Theorem lemma3p1 (R : realType)
  (O GD GN GC : set (@pt R)) (M : @mesh R) (chi mu : R)
  (f g : @pt R -> @pt R)
  (psi : @pt R -> @pt R -> R) (phi : @pt R -> @pt R -> R)
  (u lam : @pt R -> @pt R) :
  (* the domain and its triangulation *)
  open O -> connected O -> bounded_dom O -> lipschitz_domain O -> triangulation O M ->
  (* the boundary parts *)
  boundary_partition O GD GN GC ->
  union_of_edges M GD -> union_of_edges M GN -> union_of_edges M GC ->
  0 < bint M O GD (fun _ => 1) ->
  closure GC `<=` boundary O `\` closure GD ->
  outward_normal_e1 O GC ->
  (* material parameters and data *)
  0 < chi -> 0 < mu ->
  L2dom O (fun x => (f x).1) -> L2dom O (fun x => (f x).2) ->
  L2bd M O GN (fun x => (g x).1) -> L2bd M O GN (fun x => (g x).2) ->
  (* psi_z : the scalar quadratic Lagrange nodal basis of V^h *)
  (forall z, free_node M GD z ->
     Vh_scal M O GD (psi z) /\
     forall p, free_node M GD p -> psi z p = (p == z)%:R) ->
  (* phi_z : the scalar piecewise affine nodal basis on the half-edge subdivision *)
  (forall z, z \in cnodes M GC ->
     Qh_scal M GC (phi z) /\
     forall p, p \in cnodes M GC -> phi z p = (p == z)%:R) ->
  (* u^h solves the discrete variational inequality *)
  Kh M O GD GC u ->
  (forall v, Kh M O GD GC v ->
     aform O chi mu u (fun x => v x - u x) >= Lform M O GN f g (fun x => v x - u x)) ->
  (* lambda^h : the discrete contact force density *)
  Qh M GC lam ->
  (forall v, Qh M GC v ->
     iph M O GC phi lam v =
       Lform M O GN f g (pih M GC psi v) - aform O chi mu u (pih M GC psi v)) ->
  forall p, p \in cnodes M GC -> 0 <= (lam p).1 /\ (lam p).2 = 0.
Proof.
move=> oO _ _ lip tri [_ _ GC_open _ _] _ _ GC_edges _ GC_sub normal _ _ _ _ _ _
  psi_nodal phi_nodal Ku VI _ lam_def p pC.
have GC_GD x : closure GC x -> ~ closure GD x by move/GC_sub => [].
have [phi_Qh phi_val] := phi_nodal p pC.
have w_gt0 : 0 < bint M O (gammaC M GC p) (phi p).
  apply: (contact_weight_gt0 oO lip tri GC_open GC_edges _ normal phi_Qh.1 _ pC).
  - by move=> x /GC_sub[].
  - apply: Qh_scal_01 GC_edges phi_Qh _ => z zC.
    by rewrite phi_val //; case: eqP; rewrite ?lexx ?ler01.
  - by rewrite phi_val ?eqxx.
have force_le0 k : k.1 <= 0 ->
    dotp (lam p) k * bint M O (gammaC M GC p) (phi p) <= 0.
  move=> k1; apply: (contact_force_le0 GC_GD psi_nodal phi_nodal
    (J := fun v => Lform M O GN f g v - aform O chi mu u v) pC k1 Ku) => [v Kv|v Qv].
    by rewrite /= subr_le0; exact: VI.
  exact: lam_def.
have := force_le0 (-1, 0) (lerN10 _); have := force_le0 (0, 1) (lexx _).
have := force_le0 (0, -1) (lexx _); rewrite /dotp /=.
by split; nra.
Qed.
(* Minimality forces squarefreeness: if p^2 | r then r/p is a smaller candidate. *)
Lemma least_rad_candidate_RadB a r : a <> ZB -> rad_candidate a r ->
  (forall r', r' < r -> ~ rad_candidate a r') -> RadB B a r.
Proof.
  intros Ha Hc Hmin. unfold RadB, Rad. right. unfold Fands, Fnot. cbn [sat eval].
  setoid_rewrite sat_Div. setoid_rewrite sat_Prime. cbn [eval]. unfold upd; simpl.
  destruct Hc as [Hr1 [Hr2 Hr3]].
  assert (Hr0 : r <> ZB) by (intros ->; apply le_0_r in Hr1; exact (one_neq0 Hr1)).
  split; auto. split; auto. split; auto.
  intros q _ Hq. apply NNPP; intros Nq.
  assert (Hq0 : q <> ZB) by (intros ->; destruct Hq as [k Hk]; apply Hr0; rewrite <- Hk; ring).
  destruct (prime_divisor_exists q (one_lt q Hq0 Nq)) as [p [Hp [t Ht]]].
  assert (Hpp : dv (p * p) r)
    by (apply dv_trans with (q * q); auto; exists (t * t); rewrite <- Ht; ring).
  destruct Hpp as [k Hk].
  set (s := k * p).
  assert (Hs : r = s * p) by (unfold s; rewrite <- Hk; ring).
  assert (Hs0 : s <> ZB) by (intros E; apply Hr0; rewrite Hs, E; ring).
  apply (Hmin s).
  - rewrite Hs. apply lt_mul_diag_r; auto. apply Hp.
  - split; [apply one_le; auto|]. split.
    + apply dv_trans with r; auto. exists p; rewrite Hs; ring.
    + intros p' Hp'a [Hp' Hp'd]. assert (H := Hr3 p' Hp'a (conj Hp' Hp'd)).
      rewrite Hs in H. apply euclid in H as [H|H]; auto.
      destruct H as [c Hc]. destruct (proj2 Hp c p' Hc) as [ -> | E ].
      * rewrite mul_1_l in Hc. subst p'. exists k; unfold s; auto.
      * exfalso. destruct Hp' as [[_ N] _]. auto.
Qed.

Lemma RadB_exists a : a <> ZB ->
  exists r, RadB B a r /\ forall c, rad_candidate a c -> r <= c.
Proof.
  intros Ha. destruct (rad_candidate_least a Ha) as [r [Hr Hmin]]. exists r; split.
  - apply least_rad_candidate_RadB; auto.
  - intros c Hc. apply not_lt. intros H. apply (Hmin c); auto.
Qed.

Lemma rad_candidate_dv_pow a u m : a <> ZB -> dv u a -> dv a (powB B u m) ->
  rad_candidate a u.
Proof.
  intros Ha Hua Hau. split; [apply one_le, (dv_neq0 u a); auto|]. split; auto.
  intros p _ [Hp Hpa]. apply (prime_dv_pow p u m Hp). apply dv_trans with a; auto.
Qed.

Lemma pow_neq0 x n : x <> ZB -> powB B x n <> ZB.
Proof.
  intros Hx; induction n; simpl.
  - exact one_neq0.
  - intros E; apply mul_eq_0 in E as [E|E]; auto.
Qed.

Lemma pow_le_mono a b n : a <= b -> powB B a n <= powB B b n.
Proof. intros H; induction n; simpl; [apply le_refl| apply mul_le_mono; auto]. Qed.

Lemma pow_add a m n : powB B a (m + n) = powB B a m * powB B a n.
Proof. induction n; simpl powB; [rewrite Nat.add_0_r; ring|rewrite Nat.add_succ_r; simpl; rewrite IHn; ring]. Qed.

Lemma pow_dv_pow a b n : dv a b -> dv (powB B a n) (powB B b n).
Proof. intros [k Hk]; exists (powB B k n); induction n; simpl; [ring|rewrite <- IHn, <- Hk; ring]. Qed.

Lemma numB_succ n : numB B (S n) = numB B n + IB. Proof. reflexivity. Qed.
Lemma numB_0 : numB B 0 = ZB. Proof. reflexivity. Qed.

Lemma numB_add m n : numB B (m + n) = numB B m + numB B n.
Proof.
  induction n.
  - rewrite Nat.add_0_r, numB_0; ring.
  - rewrite Nat.add_succ_r, !numB_succ, IHn; ring.
Qed.

Lemma numB_mul m n : numB B (m * n) = numB B m * numB B n.
Proof.
  induction n.
  - rewrite Nat.mul_0_r, numB_0; ring.
  - rewrite Nat.mul_succ_r, numB_add, numB_succ, IHn; ring.
Qed.

Lemma le_numB_standard n b : b <= numB B n -> standard B b.
Proof.
  revert b; induction n; intros b H.
  - apply le_0_r in H. exists 0; auto.
  - rewrite numB_succ in H. apply le_succ_r in H as [H|H]; [apply IHn; auto|].
    exists (S n); auto.
Qed.

Lemma numB_le_nonstandard q K : ~ standard B q -> numB B K <= q.
Proof. intros Hq. apply not_lt. intros [H _]. exact (Hq (le_numB_standard K q H)). Qed.

Lemma nmulB_numB m a : nmulB B m a = numB B m * a.
Proof.
  induction m; simpl nmulB.
  - rewrite numB_0; ring.
  - rewrite IHm, numB_succ; ring.
Qed.

Lemma numB_lt_pow x K : IB < x -> numB B K < powB B x K.
Proof.
  intros Hx. apply lt_le_succ in Hx. induction K; simpl powB.
  - apply lt_le_succ. rewrite numB_0, add_0_l. apply le_refl.
  - apply lt_le_succ in IHK. apply lt_le_succ. rewrite numB_succ.
    apply le_trans with (powB B x K * (IB + IB)).
    + replace (powB B x K * (IB + IB)) with (powB B x K + powB B x K) by ring.
      apply add_le_mono; auto. eapply le_trans; [|exact IHK]. rewrite add_comm. apply le_add_diag.
    + apply mul_le_mono; [apply le_refl| exact Hx].
Qed.

(** * The exponential of Exp' *)

Variable A : dom B -> Prop.
Variable e : dom B -> dom B -> dom B.
Hypothesis HA : Substructure B A.
Hypothesis HPr : PrSub B A.
Hypothesis He : ExpAx B A e.

Lemma A_0 : A ZB. Proof. apply HA. Qed.
Lemma A_1 : A IB. Proof. apply HA. Qed.
Lemma A_add u v : A u -> A v -> A (u + v). Proof. apply HA. Qed.
Lemma A_mul u v : A u -> A v -> A (u * v). Proof. apply HA. Qed.

Lemma A_numB n : A (numB B n).
Proof. induction n; [apply A_0| rewrite numB_succ; apply A_add; auto using A_1]. Qed.

Lemma A_le_sub u v : A u -> A v -> u <= v -> exists z, A z /\ u + z = v.
Proof. intros Hu Hv. apply HPr; auto. Qed.

Lemma A_div_numB_succ n y : A y ->
  exists q j, A q /\ y = numB B (S n) * q + numB B j.
Proof.
  intros Hy. set (N := numB B (S n)).
  destruct (proj2 (proj2 (proj2 (proj2 (proj2 (proj2 (proj2 HPr)))))) (S n) (Nat.lt_0_succ n) y Hy)
    as [q [Hq [H1 H2]]].
  rewrite !nmulB_numB in H1, H2. fold N in H1, H2.
  destruct (A_le_sub _ _ (A_mul _ _ (A_numB (S n)) Hq) Hy H1) as [j [_ Ej]].
  assert (Hj : j + IB <= N).
  { apply lt_le_succ in H2. rewrite <- Ej in H2.
    apply (add_le_mono_r_inv _ _ (N * q)).
    replace (j + IB + N * q) with (N * q + j + IB) by ring.
    replace (N + N * q) with (N * (q + IB)) by ring. exact H2. }
  destruct (le_numB_standard (S n) j (le_trans _ _ _ (le_add_diag j IB) Hj)) as [j' ->].
  exists q, j'; auto.
Qed.

Lemma e_0 x : e x ZB = IB. Proof. apply (proj1 He x ZB A_0). auto. Qed.
Lemma e_1 x : e x IB = x. Proof. apply He. Qed.
Lemma e_add x y z : A y -> A z -> e x (y + z) = e x y * e x z. Proof. apply He. Qed.
Lemma e_neq0 x y : A y -> x <> ZB -> e x y <> ZB. Proof. apply He. Qed.

Lemma e_numB x n : e x (numB B n) = powB B x n.
Proof.
  induction n; simpl powB.
  - apply e_0.
  - rewrite numB_succ, e_add, IHn, e_1; auto using A_numB, A_1.
Qed.

Lemma e_numB_mul x m q : A q -> e x (numB B m * q) = powB B (e x q) m.
Proof.
  intros Hq; induction m; simpl powB.
  - rewrite numB_0, mul_0_l. apply e_0.
  - rewrite numB_succ. replace ((numB B m + IB) * q) with (numB B m * q + q) by ring.
    rewrite e_add, IHm; auto using A_mul, A_numB.
Qed.

Lemma dv_e x q : A q -> q <> ZB -> dv x (e x q).
Proof.
  intros Hq Hq0. destruct (A_le_sub IB q A_1 Hq (one_le q Hq0)) as [s [Hs <-]].
  rewrite e_add, e_1 by auto using A_1. exists (e x s); ring.
Qed.

Lemma numB_lt_e_nonstandard x q K : IB < x -> A q -> ~ standard B q -> numB B K < e x q.
Proof.
  intros Hx Hq Hns.
  destruct (A_le_sub _ _ (A_numB K) Hq (numB_le_nonstandard q K Hns)) as [s [Hs <-]].
  eapply lt_le_trans; [apply (numB_lt_pow x K Hx)|].
  rewrite e_add, e_numB by auto using A_numB.
  apply le_mul_r, e_neq0; auto using one_lt_neq0.
Qed.

Lemma rad_sq_le_pow x n : IB < x -> (2 <= n)%nat ->
  exists r, RadB B (powB B x n) r /\ r * r <= powB B x n.
Proof.
  intros Hx Hn. assert (Hx0 := one_lt_neq0 x Hx).
  destruct (RadB_exists (powB B x n) (pow_neq0 x n Hx0)) as [r [Hr Hle]].
  exists r; split; auto.
  destruct n as [|[|n]]; [lia|lia|].
  assert (Hrx : r <= x).
  { apply Hle, (rad_candidate_dv_pow _ _ (S (S n))); auto using pow_neq0, dv_refl.
    exists (powB B x n * x). simpl; ring. }
  simpl powB. replace (powB B x n * x * x) with (x * x * powB B x n) by ring.
  apply le_trans with (x * x); [apply mul_le_mono; auto| apply le_mul_r, pow_neq0; auto].
Qed.
(* Let $H$ be a Hopf algebra over a field $k$. For all $x,y\in H$, the elements $p_x=t_{x_1}t_{S(x_2)}$ and $q_{x,y}=t_{x_1}t_{y_1}t_{S(x_2y_2)}$ of $S(t_H)$, identified with $p_x\otimes1$ and $q_{x,y}\otimes1$ in $S(t_H)\otimes H$, belong to $\bar\mu(\mathcal{V}_H)$.
   Context: Sweedler notation $\Delta(x)=x_1\otimes x_2$; $S$ is the antipode of $H$. Let $t_H=\{t_x:x\in H\}$ be a copy of the vector space $H$ ($x\mapsto t_x$ linear) and $S(t_H)$ its symmetric algebra. Let $X_H=\{X_x:x\in H\}$ be another copy of $H$ and $T(X_H)$ the tensor algebra, a right $H$-comodule algebra via $\delta_T(X_x)=X_{x_1}\otimes x_2$. Give $S(t_H)\otimes H$ the right $H$-comodule algebra structure $\mathrm{id}\otimes\Delta$. Let $\mu:T(X_H)\to S(t_H)\otimes H$ be the algebra map with $\mu(X_x)=t_{x_1}\otimes x_2$ (an $H$-comodule algebra map), $I_H=\ker\mu$, $\mathcal{U}_H=T(X_H)/I_H$ (the universal $H$-comodule algebra), $\bar\mu:\mathcal{U}_H\hookrightarrow S(t_H)\otimes H$ the induced injection, and $\mathcal{V}_H=\{u\in\mathcal{U}_H:\delta(u)=u\otimes1\}$ its subalgebra of right $H$-coinvariants. *)

From HB Require Import structures.
From mathcomp Require Import all_boot all_order all_algebra.
From mathcomp Require Import finmap.
From mathcomp.multinomials Require Import monalg.

Set Implicit Arguments.
Unset Strict Implicit.
Unset Printing Implicit Defensive.

Import GRing.Theory.
Local Open Scope ring_scope.

(* A vector space with basis J over k is modelled as the
   free k-module {malg k[J]} (finitely supported functions J -> k).
   The tensor product of free modules with bases J and L is the free module
   with basis J * L.  A Hopf algebra H over k is given by a basis I of its
   underlying vector space (H := {malg k[I]}) and the values of its structure
   maps on basis vectors, subject to the Hopf algebra axioms. *)

Section FreeModules.
Context {k : fieldType}.

Definition bv {J : choiceType} (j : J) : {malg k[J]} := << (1 : k) *g j >>.

Definition ext {J : choiceType} {W : lmodType k} (f : J -> W)
  (v : {malg k[J]}) : W := \sum_(j <- msupp v) v@_j *: f j.

Definition tens {J L : choiceType} (a : {malg k[J]}) (b : {malg k[L]})
  : {malg k[(J * L)%type]} := ext (fun j => ext (fun l => bv (j, l)) b) a.

Definition tmap {J L J' L' : choiceType}
  (f : {malg k[J]} -> {malg k[J']}) (g : {malg k[L]} -> {malg k[L']})
  (w : {malg k[(J * L)%type]}) : {malg k[(J' * L')%type]} :=
  ext (fun p => tens (f (bv p.1)) (g (bv p.2))) w.

Definition relabel {J L : choiceType} (h : J -> L) (v : {malg k[J]})
  : {malg k[L]} := ext (fun j => bv (h j)) v.

End FreeModules.

Record HopfData (k : fieldType) (I : choiceType) := {
  hm : I -> I -> {malg k[I]};
  h1 : {malg k[I]};
  hD : I -> {malg k[(I * I)%type]};
  he : I -> k;
  hS : I -> {malg k[I]}
}.

Section Hopf.
Variables (k : fieldType) (I : choiceType) (A : HopfData k I).

Definition mulH (x y : {malg k[I]}) : {malg k[I]} :=
  ext (fun i => ext (fun j => hm A i j) y) x.
Definition comul (x : {malg k[I]}) : {malg k[(I * I)%type]} := ext (hD A) x.
Definition counit (x : {malg k[I]}) : k := \sum_(i <- msupp x) x@_i * he A i.
Definition antip (x : {malg k[I]}) : {malg k[I]} := ext (hS A) x.
Lemma is_RInt_gen_change_of_var (f h psi : R -> R) (a b lo hi : R) :
  a < b -> lo < hi ->
  (forall t, lo <= t <= hi -> continuous h t) ->
  (forall x1 x2, a < x1 < b -> a < x2 < b -> is_RInt f x1 x2 (RInt h (psi x1) (psi x2))) ->
  (forall x, a < x < b -> lo <= psi x <= hi) ->
  (forall d, 0 < d < hi - lo -> at_right a (fun x => psi x <= lo + d)) ->
  (forall d, 0 < d < hi - lo -> at_left b (fun x => hi - d <= psi x)) ->
  is_RInt_gen f (at_right a) (at_left b) (RInt h lo hi).
Proof.
  intros Hab Hlh Hc Hf Hpsi Hlo Hhi P [eps HP].
  destruct (bounded_of_continuous_on h lo hi) as [M HM]; [lra| exact Hc|].
  assert (HM0 : 0 <= M) by (specialize (HM lo ltac:(lra)); pose proof (Rabs_pos (h lo)); lra).
  set (d := Rmin (eps / (2 * (M + 1))) ((hi - lo) / 2)).
  assert (Hd : 0 < d < hi - lo).
  { pose proof (cond_pos eps). split.
    - apply Rmin_glb_lt; apply Rdiv_lt_0_compat; lra.
    - apply Rle_lt_trans with ((hi - lo) / 2); [apply Rmin_r| lra]. }
  assert (HdM : 2 * d * M < eps).
  { assert (d * (M + 1) <= eps / 2).
    { apply Rle_trans with (eps / (2 * (M + 1)) * (M + 1)).
      - apply Rmult_le_compat_r; [lra| apply Rmin_l].
      - right. field. lra. }
    pose proof (cond_pos eps). nra. }
  apply (Filter_prod _ _ _ (fun x => a < x < b /\ psi x <= lo + d)
                           (fun x => a < x < b /\ hi - d <= psi x)).
  - apply filter_and; [| now apply Hlo].
    apply (filter_imp (fun x => a < x < a + (b - a))); [intros; lra|].
    apply at_right_interval. lra.
  - apply filter_and; [| now apply Hhi].
    apply (filter_imp (fun x => b - (b - a) < x < b)); [intros; lra|].
    apply at_left_interval. lra.
  - intros x1 x2 [H1 H1'] [H2 H2']. simpl.
    exists (RInt h (psi x1) (psi x2)). split; [now apply Hf|].
    apply HP. change (Rabs (RInt h (psi x1) (psi x2) - RInt h lo hi) < eps).
    pose proof (Hpsi x1 H1). pose proof (Hpsi x2 H2).
    eapply Rle_lt_trans; [apply (abs_RInt_sub_ends h lo hi); eauto; lra|].
    nra.
Qed.

Lemma is_RInt_change_of_var (f G g dg : R -> R) al be x1 x2 :
  g al = x1 -> g be = x2 ->
  (forall t, Rmin al be <= t <= Rmax al be ->
     is_derive g t (dg t) /\ continuous dg t /\ continuous f (g t) /\ G t = dg t * f (g t)) ->
  (forall z, Rmin x1 x2 <= z <= Rmax x1 x2 -> continuous f z) ->
  is_RInt f x1 x2 (RInt G al be).
Proof.
  intros <- <- Ht Hf.
  rewrite (RInt_ext G (fun t => scal (dg t) (f (g t)))).
  - rewrite (RInt_comp f g dg) by (intros t Htin; specialize (Ht t Htin); tauto).
    apply (RInt_correct (V := R_CompleteNormedModule)).
    now apply (ex_RInt_continuous (V := R_CompleteNormedModule)).
  - intros t Htin. apply Ht. lra.
Qed.

Lemma Rmin_Rmax_open_interval lo hi u v t :
  lo < u < hi -> lo < v < hi -> Rmin u v <= t <= Rmax u v -> lo < t < hi.
Proof.
  intros Hu Hv [Ht1 Ht2]. split.
  - apply Rlt_le_trans with (Rmin u v); [apply Rmin_glb_lt|]; lra.
  - apply Rle_lt_trans with (Rmax u v); [|apply Rmax_lub_lt]; lra.
Qed.

Lemma integrand_continuous E x :
  0 < E - (x ^ 2 / 2 - 1) ^ 2 -> continuous (integrand E) x.
Proof.
  intros H. unfold integrand. continuous_by_derive.
  match goal with |- 0 < ?X /\ _ => replace X with (E - (x ^ 2 / 2 - 1) ^ 2) by (simpl; field) end.
  repeat split; [exact H| apply Rgt_not_eq, sqrt_lt_R0, H].
Qed.

Lemma integrand_radicand_pos s z :
  0 < s -> 2 - 2 * s < z * z < 2 + 2 * s -> 0 < s * s - (z ^ 2 / 2 - 1) ^ 2.
Proof.
  intros Hs Hz.
  replace (s * s - (z ^ 2 / 2 - 1) ^ 2)
    with ((s - (z * z / 2 - 1)) * (s + (z * z / 2 - 1))) by field.
  apply Rmult_lt_0_compat; lra.
Qed.

(** * The substitutions *)

(* For E = s^2 > 1, the substitution x = sqrt (2 + 2 s) sin t maps [0, PI/2]
   onto [0, upper_lim E] and turns integrand E x dx into Gp s t dt. *)
Definition Dp (s t : R) := 2 * (1 + s) * (sin t * sin t) + 2 * s - 2.
Definition Gp (s t : R) := 4 * s / sqrt (Dp s t) - 2 * sqrt (Dp s t).
Definition Kp (s : R) := RInt (Gp s) 0 (PI / 2).

Lemma Dp_bounds s t : 1 < s -> 2 * s - 2 <= Dp s t <= 4 * s.
Proof. intros Hs. unfold Dp. pose proof (sin_sqr_le_1 t). nra. Qed.

Lemma Dp_pos s t : 1 < s -> 0 < Dp s t.
Proof. intros Hs. pose proof (Dp_bounds s t Hs). lra. Qed.

Lemma Gp_continuous s t : 1 < s -> continuous (Gp s) t.
Proof.
  intros Hs. pose proof (Dp_pos s t Hs) as HD. unfold Gp, Dp in *.
  continuous_by_derive. repeat split; try lra; apply Rgt_not_eq, sqrt_lt_R0; lra.
Qed.

Lemma Gp_subst s t : 1 < s -> 0 < cos t ->
  sqrt (2 + 2 * s) * cos t * integrand (s * s) (sqrt (2 + 2 * s) * sin t) = Gp s t.
Proof.
  intros Hs Hc.
  set (b := sqrt (2 + 2 * s)).
  assert (Hb : 0 < b) by (apply sqrt_lt_R0; lra).
  assert (Hbb : b * b = 2 + 2 * s) by (apply sqrt_sqrt; lra).
  pose proof (Dp_pos s t Hs) as HD.
  set (q := sqrt (Dp s t)).
  assert (Hq : 0 < q) by (apply sqrt_lt_R0; lra).
  assert (Hqq : q * q = Dp s t) by (apply sqrt_sqrt; lra).
  assert (Hsc : sin t * sin t + cos t * cos t = 1)
    by (pose proof (sin2_cos2 t); unfold Rsqr in *; lra).
  assert (Hrad : (b * cos t * q / 2) * (b * cos t * q / 2)
                 = s * s - ((b * sin t) ^ 2 / 2 - 1) ^ 2).
  { replace ((b * cos t * q / 2) * (b * cos t * q / 2))
      with (b * b * (cos t * cos t) * (q * q) / 4) by field.
    replace ((b * sin t) ^ 2) with (b * b * (sin t * sin t)) by ring.
    rewrite Hbb, Hqq. unfold Dp.
    replace (cos t * cos t) with (1 - sin t * sin t) by lra. field. }
  unfold integrand, Gp. fold q.
  rewrite (sqrt_lem_1 _ (b * cos t * q / 2)).
  - replace ((b * sin t) ^ 2) with (b * b * (sin t * sin t)) by ring.
    rewrite Hbb. field_simplify; [| lra| lra].
    replace (q ^ 2) with (q * q) by ring. rewrite Hqq. unfold Dp. field. lra.
  - rewrite <- Hrad. apply Rle_0_sqr.
  - assert (0 < b * cos t * q) by (repeat apply Rmult_lt_0_compat; lra). lra.
  - exact Hrad.
Qed.

Lemma asin_div_near_0 b d : 0 < b -> 0 < d < PI / 2 ->
  at_right 0 (fun x => asin (x / b) <= d).
Proof.
  intros Hb Hd.
  assert (Hsd : 0 < sin d) by (apply sin_gt_0; lra).
  pose proof (SIN_bound d).
  apply (filter_imp (fun x => 0 < x < 0 + b * sin d)).
  - intros x Hx.
    assert (0 < x / b <= sin d) by (split; [apply Rdiv_lt_0_compat| apply Rle_div_l]; nra).
    apply asin_le_of_le_sin; lra.
  - apply at_right_interval. nra.
Qed.

Lemma asin_div_near_1 b d : 0 < b -> 0 < d < PI / 2 ->
  at_left b (fun x => PI / 2 - d <= asin (x / b)).
Proof.
  intros Hb Hd.
  assert (Hcd : 0 < cos d < 1).
  { split; [apply cos_gt_0; lra| rewrite <- cos_0; apply cos_decreasing_1; lra]. }
  apply (filter_imp (fun x => b - b * (1 - cos d) < x < b)).
  - intros x Hx.
    assert (cos d <= x / b < 1) by (split; [apply Rle_div_r| apply Rlt_div_l]; nra).
    apply le_asin_of_sin_le; [lra| lra|]. rewrite sin_shift. lra.
  - apply at_left_interval. nra.
Qed.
◆ ◆ ◆
Determine how many lines in the entries above contain the word "have", and respond with the number alone.

ANSWER FOR THIS EXERCISE »
6